RECORDS SUPPLIED =>
Definition ellQ {dF dZ} {F : measurableType dF} {Z : measurableType dZ}
  {R : realType} (ev : F -> Z -> R) (Q : probability F R) (z : Z) : R :=
  fine (\int[Q]_f (ev f z)%:E)%E.

Definition LD {dF dZ} {F : measurableType dF} {Z : measurableType dZ}
  {R : realType} (ev : F -> Z -> R) (D : probability Z R)
  (Q : probability F R) : R :=
  fine (\int[Q]_f \int[D]_z (ev f z)%:E)%E.

Definition Lhat {dF dZ} {F : measurableType dF} {Z : measurableType dZ}
  {R : realType} (ev : F -> Z -> R) (m : nat) (Q : probability F R)
  (S : 'I_m -> Z) : R :=
  (\sum_(i < m) ellQ ev Q (S i)) / m%:R.

Definition varterm {dF dZ} {F : measurableType dF} {Z : measurableType dZ}
  {R : realType} (ev : F -> Z -> R) (h : R) (Q : probability F R) (z : Z) : R :=
  fine (\int[Q]_f ((ev f z - (1 + h) * ellQ ev Q z) ^+ 2)%:E)%E.

Definition iid_sample {dO dZ} {Omega : measurableType dO}
  {Z : measurableType dZ} {R : realType} (Pr : probability Omega R)
  (D : probability Z R) (m : nat) (X : 'I_m -> Omega -> Z) : Prop :=
  (forall i, measurable_fun [set: Omega] (X i)) /\
  forall A : 'I_m -> set Z, (forall i, measurable (A i)) ->
    Pr [set w | forall i, A i (X i w)] = (\prod_(i < m) D (A i))%E.

From HB Require Import structures.
From mathcomp Require Import all_boot all_order all_algebra.
From mathcomp Require Import all_classical all_reals all_analysis.
From mathcomp Require Import measurable_realfun ring lra.
Set Implicit Arguments.
Unset Strict Implicit.
Unset Printing Implicit Defensive.
Import Order.TTheory GRing.Theory Num.Theory.
Local Open Scope classical_set_scope.
Local Open Scope ring_scope.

TASK DESCRIPTION =>
Repeat every entry word for word.

YOUR RESPONSE =>
Definition ellQ {dF dZ} {F : measurableType dF} {Z : measurableType dZ}
  {R : realType} (ev : F -> Z -> R) (Q : probability F R) (z : Z) : R :=
  fine (\int[Q]_f (ev f z)%:E)%E.

Definition LD {dF dZ} {F : measurableType dF} {Z : measurableType dZ}
  {R : realType} (ev : F -> Z -> R) (D : probability Z R)
  (Q : probability F R) : R :=
  fine (\int[Q]_f \int[D]_z (ev f z)%:E)%E.

Definition Lhat {dF dZ} {F : measurableType dF} {Z : measurableType dZ}
  {R : realType} (ev : F -> Z -> R) (m : nat) (Q : probability F R)
  (S : 'I_m -> Z) : R :=
  (\sum_(i < m) ellQ ev Q (S i)) / m%:R.

Definition varterm {dF dZ} {F : measurableType dF} {Z : measurableType dZ}
  {R : realType} (ev : F -> Z -> R) (h : R) (Q : probability F R) (z : Z) : R :=
  fine (\int[Q]_f ((ev f z - (1 + h) * ellQ ev Q z) ^+ 2)%:E)%E.

Definition iid_sample {dO dZ} {Omega : measurableType dO}
  {Z : measurableType dZ} {R : realType} (Pr : probability Omega R)
  (D : probability Z R) (m : nat) (X : 'I_m -> Omega -> Z) : Prop :=
  (forall i, measurable_fun [set: Omega] (X i)) /\
  forall A : 'I_m -> set Z, (forall i, measurable (A i)) ->
    Pr [set w | forall i, A i (X i w)] = (\prod_(i < m) D (A i))%E.

From HB Require Import structures.
From mathcomp Require Import all_boot all_order all_algebra.
From mathcomp Require Import all_classical all_reals all_analysis.
From mathcomp Require Import measurable_realfun ring lra.
Set Implicit Arguments.
Unset Strict Implicit.
Unset Printing Implicit Defensive.
Import Order.TTheory GRing.Theory Num.Theory.
Local Open Scope classical_set_scope.
Local Open Scope ring_scope.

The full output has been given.